Aim of the task => Your task is to write out the lines from the line containing "geometric_subdivision_realization realize (Gamma" through the last line of the material, exactly.

————————

Lemma in_relint_face G x : in_relint realize G x -> in_face_relint (sigma G) x.
Proof.
case=> lam [lam0 lam_gt0 sum1 xE].
have lam_ge0 : nonneg lam.
  by move=> J; have [/lam_gt0/ltW|/lam0->] := boolP (J \in G).
split; first by apply: (@in_conv_simplex G); exists lam.
move=> k; rewrite xE realize_combE; split; last exact: pt_off_sigma.
move=> /bigcupP[J JG]; rewrite !inE => kJ.
have JS : J \in supp lam by rewrite inE lt0r_neq0 ?lam_gt0.
by have [] := pt_endpoints_gt0 lam_ge0 JS; case/orP: kJ => /eqP->.
Qed.

Lemma realize_geometric :
  geometric_subdivision_realization realize (Gamma d) (@sigma d).
Proof.
split; [exact: realize_aff_indep | exact: in_conv_setI | exact: simplex_covered |
        by move=> G _; exact: in_conv_face | by move=> G _; exact: in_relint_face].
Qed.

End Realization.

Theorem lemma6p2 (d : nat) :
  (forall R : realFieldType, geometric_subdivision R (Gamma d) (@sigma d))
  /\ #|facets (Gamma d)| = 2 ^ (d - 1).
Proof.
split; last exact: card_facets_Gamma.
by move=> R; exists (@realize R d); exact: realize_geometric.
Qed.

————————

Worked solution =>
  geometric_subdivision_realization realize (Gamma d) (@sigma d).
Proof.
split; [exact: realize_aff_indep | exact: in_conv_setI | exact: simplex_covered |
        by move=> G _; exact: in_conv_face | by move=> G _; exact: in_relint_face].
Qed.

End Realization.

Theorem lemma6p2 (d : nat) :
  (forall R : realFieldType, geometric_subdivision R (Gamma d) (@sigma d))
  /\ #|facets (Gamma d)| = 2 ^ (d - 1).
Proof.
split; last exact: card_facets_Gamma.
by move=> R; exists (@realize R d); exact: realize_geometric.
Qed.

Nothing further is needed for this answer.